Promising young players have been benched for making mistakes that young players make, largely due to the lack of interest Gruden has in developing any player that he didn’t handpick for the team. The rumors of contention between the front office and Gruden have run rampant and seem completely legitimate, as the head coach’s power remains unchecked thank to the term and compensation of the 10-year, 100 million dollar contract he signed this offseason.
Make no mistake, the Raiders will be torn down, brick-by-brick, until Gruden feels like the team is ruined enough to build the way he wants. There won’t be any “winning a Super Bowl with Tony Dungy’s guys” this time around, and don’t think that thought hasn’t stewed in his mind ever since his last coaching stint. This time, Gruden will build his own tower, either to watch it grow bigger and more beautiful than all the rest or come crashing down around him.
You can argue with the logic, heck, even the humanity of such self-centered decision-making, but in the end, Gruden was hired to build a winner in Oakland. If he does it, no one will care how it happened, nor will they care that his process was one of the more egotistical we’ve ever seen by a man in his position. They’ll only care that the Raiders, once one of the NFL’s most proud franchises, are back on top once again.
So how does Gruden get them there? Well, not that he needs or would take my help (he wouldn’t), but if I’m Oakland, armed with three first round picks this season (and two next year), here’s how I would attack the 2019 NFL Draft/offseason.

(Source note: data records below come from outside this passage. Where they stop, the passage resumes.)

(* Let $k\ge2$ be the cache size, let $1\le r\le k-1$ and $N=k+r$, with the pages being the vertices $1,2,\dots,N$ of the cycle $C_N$ in cyclic order. Let $x=\lfloor\log_2\frac Nr\rfloor$ and $X_r=r(x-1)+\lceil N/2^x\rceil$. For $n\ge1$ let $I_n=\langle 1,2,\dots,N\rangle^n$ (the sequence $1,2,\dots,N$ repeated $n$ times). When FAR (with respect to $C_N$) serves $I_n$, each $k$-phase except the first and possibly the last contains exactly $X_r$ faults, and \[\left\lfloor\frac{nN}{k}\right\rfloor X_r+k-X_r\le\mathrm{FAR}(I_n)\le\left\lfloor\frac{nN}{k}\right\rfloor X_r+k-1.\]
   Context: Paging: a cache holds at most $k$ pages and is initially empty. A request to a page in the cache is a hit; otherwise it is a fault, the page is brought into the cache, evicting a page first if the cache is full. $\mathrm{FAR}(I)$ is the number of faults of FAR on $I$. FAR (relative to the access graph): each requested page is marked; on a fault with a full cache, if all cached pages are marked it first unmarks all pages; it then evicts the unmarked cached page whose graph distance to the nearest marked page is largest, ties broken by evicting the least recently requested. $k$-phases: a request sequence is divided recursively: phase 0 is empty (and is ignored), and for $i\ge1$ phase $i$ is a maximal sequence following phase $i-1$ containing at most $k$ distinct pages. *)

From mathcomp Require Import all_boot.
Set Implicit Arguments. Unset Strict Implicit. Unset Printing Implicit Defensive.

(* Pages are the natural numbers 1..N, the vertices of the cycle C_N in
   cyclic order (i adjacent to i+1, and N adjacent to 1). *)

Definition cdist (N a b : nat) : nat :=
  let d := if a <= b then b - a else a - b in minn d (N - d).

(* distance from q to the nearest page of M (M is nonempty whenever used) *)
Definition dist_to (N : nat) (M : seq nat) (q : nat) : nat :=
  foldr (fun m acc => minn (cdist N q m) acc) N M.

(* time since the last request of q in history hist (larger = less recent) *)
Definition age (hist : seq nat) (q : nat) : nat := index q (rev hist).

(* a is a better eviction candidate than b: farther from the marked pages,
   ties broken in favour of the least recently requested page *)
Definition better (N : nat) (hist M : seq nat) (a b : nat) : bool :=
  (dist_to N M b < dist_to N M a) ||
  ((dist_to N M a == dist_to N M b) && (age hist b < age hist a)).

Definition victim (N : nat) (hist M : seq nat) (cands : seq nat) : nat :=
  foldl (fun best q => if better N hist M q best then q else best)
        (head 0 cands) (behead cands).

(* FAR run: returns, for each request, whether it is a fault.
   hist = requests served so far, cache = cached pages, marks = marked pages *)
Fixpoint far_run (k N : nat) (hist cache marks : seq nat) (s : seq nat)
  : seq bool :=
  match s with
  | [::] => [::]
  | p :: s' =>
    if p \in cache then
      false :: far_run k N (rcons hist p) cache (p :: marks) s'
    else if size cache < k then
      true :: far_run k N (rcons hist p) (p :: cache) (p :: marks) s'
    else
      let marks1 := if all (fun q => q \in marks) cache then [::] else marks in
      let marks2 := p :: marks1 in
      let cands := [seq q <- cache | q \notin marks2] in
      let v := victim N hist marks2 cands in
      true :: far_run k N (rcons hist p) (p :: rem v cache) marks2 s'
  end.

Definition far_faults (k N : nat) (I : seq nat) : seq bool :=
  far_run k N [::] [::] [::] I.

Definition FAR (k N : nat) (I : seq nat) : nat := count id (far_faults k N I).

Definition phase_len (k : nat) (s : seq nat) : nat :=
  find (fun i => k < size (undup (take i.+1 s))) (iota 0 (size s)).

Fixpoint phase_sizes_aux (fuel k : nat) (s : seq nat) : seq nat :=
  match fuel with
  | 0 => [::]
  | f.+1 => if s is [::] then [::]
            else phase_len k s :: phase_sizes_aux f k (drop (phase_len k s) s)
  end.

(* lengths of the k-phases 1, 2, ... of s (phase 0 is empty and ignored) *)
Definition phase_sizes (k : nat) (s : seq nat) : seq nat :=
  phase_sizes_aux (size s) k s.

Definition far_phase_faults (k N : nat) (I : seq nat) : seq (seq bool) :=
  reshape (phase_sizes k I) (far_faults k N I).

Definition cycI (N n : nat) : seq nat := flatten (nseq n (iota 1 N)).

Definition xlog (N r : nat) : nat := trunc_log 2 (N %/ r).
Definition Xr (N r : nat) : nat :=
  let x := xlog N r in r * (x - 1) + (N + 2 ^ x).-1 %/ 2 ^ x.

From mathcomp Require Import all_boot zify.
Set Implicit Arguments. Unset Strict Implicit. Unset Printing Implicit Defensive.

(* In I_n every k-phase consists of k consecutive pages of the cycle, and at
   the start of every phase but the first the cache misses exactly the r pages
   requested first in that phase.  Since FAR evicts the unmarked page farthest
   from the marked arc, each fault on this block of r missing pages moves one
   hole to the middle of the unmarked arc: while the unmarked arc has d >= 2 r
   pages, r faults shrink it to ceil(d / 2), and once d < 2 r the remaining
   d - r faults occur one by one.  Hence every full phase after the first costs
   r (x - 1) + ceil(N / 2^x) = X_r faults, the first costs k, and a final
   partial phase fewer than X_r. *)

Lemma iotaSr m n : iota m n.+1 = rcons (iota m n) (m + n).
Proof. by rewrite -addn1 iotaD cats1. Qed.

Lemma count_map_iotaS (f : nat -> bool) m n :
  count id (map f (iota m n.+1)) = count id (map f (iota m n)) + f (m + n).
Proof. by rewrite iotaSr map_rcons -cats1 count_cat /= addn0; case: (f _). Qed.

Section FoldBest.
Variables (T : eqType) (better : rel T).
Hypotheses (better_irr : irreflexive better) (better_trans : transitive better).

Local Notation fold_best := (foldl (fun best q => if better q best then q else best)).

Lemma fold_best_mem b s : fold_best b s \in b :: s.
Proof.
elim: s b => [|x s IH] b /=; first exact: mem_head.
by case: ifP => _; [have := IH x | have := IH b];
  rewrite !inE => /orP [->|->]; rewrite ?orbT.
Qed.

Lemma fold_best_max P b s : {in P, forall q, ~~ better q b} ->
  {in P ++ b :: s, forall q, ~~ better q (fold_best b s)}.
Proof.
elim: s b P => [|x s IH] b P HP /=.
  by move=> q; rewrite cats1 mem_rcons inE => /orP [/eqP ->|/HP //]; rewrite better_irr.
case: ifP => hxb.
  rewrite -cat_rcons; apply: IH => q; rewrite mem_rcons inE => /orP [/eqP ->|hq].
    by apply/negP => hbx; have := better_irr x; rewrite (better_trans hxb hbx).
  by apply/negP => hqx; have := HP q hq; rewrite (better_trans hqx hxb).
move=> q hq; apply: (IH b (rcons P x)); last first.
  move: hq; rewrite !mem_cat !inE mem_rcons inE.
  by case: (q \in P); case: (q == b); case: (q == x).
by move=> y; rewrite mem_rcons inE => /orP [/eqP ->|/HP //]; rewrite hxb.
Qed.

Lemma fold_best_eq b s w : w \in b :: s ->
  (forall q, q \in b :: s -> q != w -> better w q) -> fold_best b s = w.
Proof.
move=> hw H; have hv := fold_best_mem b s.
case: (eqVneq (fold_best b s) w) => // hvw.
have nil_max : {in [::], forall q, ~~ better q b} by [].
by have := fold_best_max nil_max hw; rewrite H.
Qed.

End FoldBest.

Section CycleDistance.
Variable N : nat.

Lemma cdist_sym a b : cdist N a b = cdist N b a.
Proof. by rewrite /cdist; case: ifP; case: ifP; lia. Qed.

Lemma dist_to_le M q x : x \in M -> dist_to N M q <= cdist N q x.
Proof. by elim: M => [|y M IH] //=; rewrite inE => /orP [/eqP ->|/IH]; lia. Qed.

Lemma dist_to_ge M q L : L <= N -> {in M, forall x, L <= cdist N q x} ->
  L <= dist_to N M q.
Proof.
move=> hL; elim: M => [|y M IH] H //=.
have := H y (mem_head _ _).
have : L <= dist_to N M q by apply: IH => x hx; apply: H; rewrite inE hx orbT.
lia.
Qed.

Lemma victim_eq h M cands w : w \in cands ->
  (forall q, q \in cands -> q != w -> better N h M w q) -> victim N h M cands = w.
Proof.
case: cands => [//|c cs] hw H; apply: fold_best_eq => //.
  by move=> x; apply/negbTE; rewrite /better; lia.
by move=> y x z; rewrite /better; lia.
Qed.

End CycleDistance.

(* ceil (m / 2 ^ t), for 0 < m *)
Definition ceil_div2n m t := (m.-1 %/ 2 ^ t).+1.

Lemma ceil_div2n0 m : 0 < m -> ceil_div2n m 0 = m.
Proof. by rewrite /ceil_div2n expn0 divn1; lia. Qed.

Lemma ceil_div2nS m t : ceil_div2n m t.+1 = (ceil_div2n m t + 1) %/ 2.
Proof. by rewrite /ceil_div2n expnSr divnMA; lia. Qed.

Lemma ceil_div2n_ge m t : m <= ceil_div2n m t * 2 ^ t.
Proof. by have := @ltn_ceil m.-1 (2 ^ t) (expn_gt0 _ _); rewrite /ceil_div2n; lia. Qed.

Lemma ceil_div2nE m t : 0 < m -> (m + 2 ^ t).-1 %/ 2 ^ t = ceil_div2n m t.
Proof.
move=> m_gt0; rewrite (_ : (m + 2 ^ t).-1 = m.-1 + 1 * 2 ^ t); last by lia.
by rewrite divnDMl ?expn_gt0 // addn1.
Qed.

Lemma ceil_div2n_le m t c : m.-1 < c * 2 ^ t -> ceil_div2n m t <= c.
Proof. by rewrite /ceil_div2n -ltn_divLR ?expn_gt0. Qed.

Section ArcFaults.
Variable r : nat.
Hypothesis r_gt0 : 0 < r.

(* Faults still to come in a phase once the unmarked arc has d pages, the
   first r of them missing from the cache.  The fuel [d] suffices since
   (d + 1) / 2 < d whenever 2 r <= d. *)
Fixpoint arc_faults_rec fuel d :=
  if fuel is f.+1 then
    if 2 * r <= d then r + arc_faults_rec f ((d + 1) %/ 2) else d - r
  else 0.

Definition arc_faults d := arc_faults_rec d d.

Lemma arc_faults_rec_enough f1 f2 d : d <= f1 -> d <= f2 ->
  arc_faults_rec f1 d = arc_faults_rec f2 d.
Proof.
elim: f1 f2 d => [|f1 IH] [|f2] d h1 h2 //=.
- by case: ifP; lia.
- by case: ifP; lia.
- by case: ifP => // h; congr (_ + _); apply: IH; lia.
Qed.

Lemma arc_faultsE d :
  arc_faults d = if 2 * r <= d then r + arc_faults ((d + 1) %/ 2) else d - r.
Proof.
rewrite /arc_faults; case: d => [|d] /=; first by case: ifP; lia.
by case: ifP => // h; congr (_ + _); apply: arc_faults_rec_enough; lia.
Qed.

Lemma arc_faults_small d : d < 2 * r -> arc_faults d = d - r.
Proof. by rewrite arc_faultsE; case: ifP => //; lia. Qed.

Lemma arc_faults_gt0 d : r < d -> 0 < arc_faults d.
Proof. by rewrite arc_faultsE; case: ifP; lia. Qed.

Lemma arc_faults_iter m t : 0 < m -> (forall s, s < t -> 2 * r <= ceil_div2n m s) ->
  arc_faults m = r * t + arc_faults (ceil_div2n m t).
Proof.
move=> m_gt0; elim: t => [|t IH] H; first by rewrite muln0 ceil_div2n0.
rewrite IH => [|s hs]; last exact/H/ltnW.
by rewrite (arc_faultsE (ceil_div2n m t)) H // ceil_div2nS mulnSr addnA.
Qed.

Lemma arc_faults_Xr N : 2 * r <= N -> arc_faults N = Xr N r.
Proof.
move=> hrN; rewrite /Xr /xlog; set x := trunc_log 2 (N %/ r).
have N_gt0 : 0 < N by lia.
have x_gt0 : 0 < x by apply: trunc_log_max => //; rewrite expn1 leq_divRL // mulnC.
have x_lo : 2 ^ x * r <= N by rewrite -leq_divRL //; apply: trunc_logP; rewrite ?divn_gt0 //; lia.
have x_hi : N < 2 ^ x.+1 * r by rewrite -ltn_divLR //; exact: trunc_log_ltn.
rewrite ceil_div2nE // (@arc_faults_iter N x) //; last first.
  move=> s hs; rewrite -(leq_pmul2r (expn_gt0 2 s)); apply: leq_trans (ceil_div2n_ge N s).
  apply: leq_trans x_lo; rewrite mulnC mulnA leq_mul2r -expnSr leq_exp2l //.
  by rewrite hs orbT.
have hc_hi : ceil_div2n N x <= 2 * r.
  by apply: ceil_div2n_le; rewrite expnSr in x_hi; lia.
have hc_lo : r <= ceil_div2n N x.
  by rewrite -(leq_pmul2r (expn_gt0 2 x)) mulnC; exact: leq_trans x_lo (ceil_div2n_ge N x).
have -> : r * x = r * (x - 1) + r by rewrite -mulnSr; congr (_ * _); lia.
case: (ltnP (ceil_div2n N x) (2 * r)) => hc; first by rewrite arc_faults_small //; lia.
have -> : ceil_div2n N x = 2 * r by lia.
rewrite arc_faultsE leqnn (_ : (2 * r + 1) %/ 2 = r); last by lia.
by rewrite arc_faults_small; lia.
Qed.

End ArcFaults.

Section Chunks.
Variable k : nat.

Definition chunk_sizes L :=
  nseq (L %/ k) k ++ (if L %% k == 0 then [::] else [:: L %% k]).

Lemma size_chunk_sizes L : size (chunk_sizes L) = L %/ k + (L %% k != 0).
Proof. by rewrite /chunk_sizes size_cat size_nseq; case: eqP. Qed.

Lemma nth_reshape_chunk (T : Type) L (s : seq T) j : j < L %/ k ->
  nth [::] (reshape (chunk_sizes L) s) j = take k (drop (j * k) s).
Proof.
move=> hj; rewrite nth_reshape /chunk_sizes nth_cat take_cat size_nseq hj.
by rewrite nth_nseq hj take_nseq ?sumn_nseq 1?mulnC // ltnW.
Qed.

End Chunks.

Section FarOnCycle.
Variables k r : nat.
Hypothesis r_gt0 : 0 < r.
Hypothesis r_lt_k : r < k.
Local Notation N := (k + r).

Local Notation state := (seq nat * seq nat * seq nat)%type.
Local Notation hist_of st := st.1.1 (only parsing).
Local Notation cache_of st := st.1.2 (only parsing).
Local Notation marks_of st := st.2 (only parsing).

Definition far_step (st : state) (p : nat) : bool * state :=
  let: (h, c, m) := st in
  if p \in c then (false, (rcons h p, c, p :: m))
  else if size c < k then (true, (rcons h p, p :: c, p :: m))
  else
    let m' := p :: (if all (fun q => q \in m) c then [::] else m) in
    (true, (rcons h p, p :: rem (victim N h m' [seq q <- c | q \notin m']) c, m')).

1. Find a quarterback, but don’t reach
The last two years have given us plenty of evidence of one sad, simple fact: Derek Carr is broken and I don’t think his issues are going to improve in Oakland. Carr’s contract is fairly movable given the term left on it (four years) and the fact that a team that trades for him could move on with little dead cap hit if he doesn’t pan out. Finding fair compensation may be the difficult part, but for Oakland it is clear that he won’t be the guy to take this team to the next level.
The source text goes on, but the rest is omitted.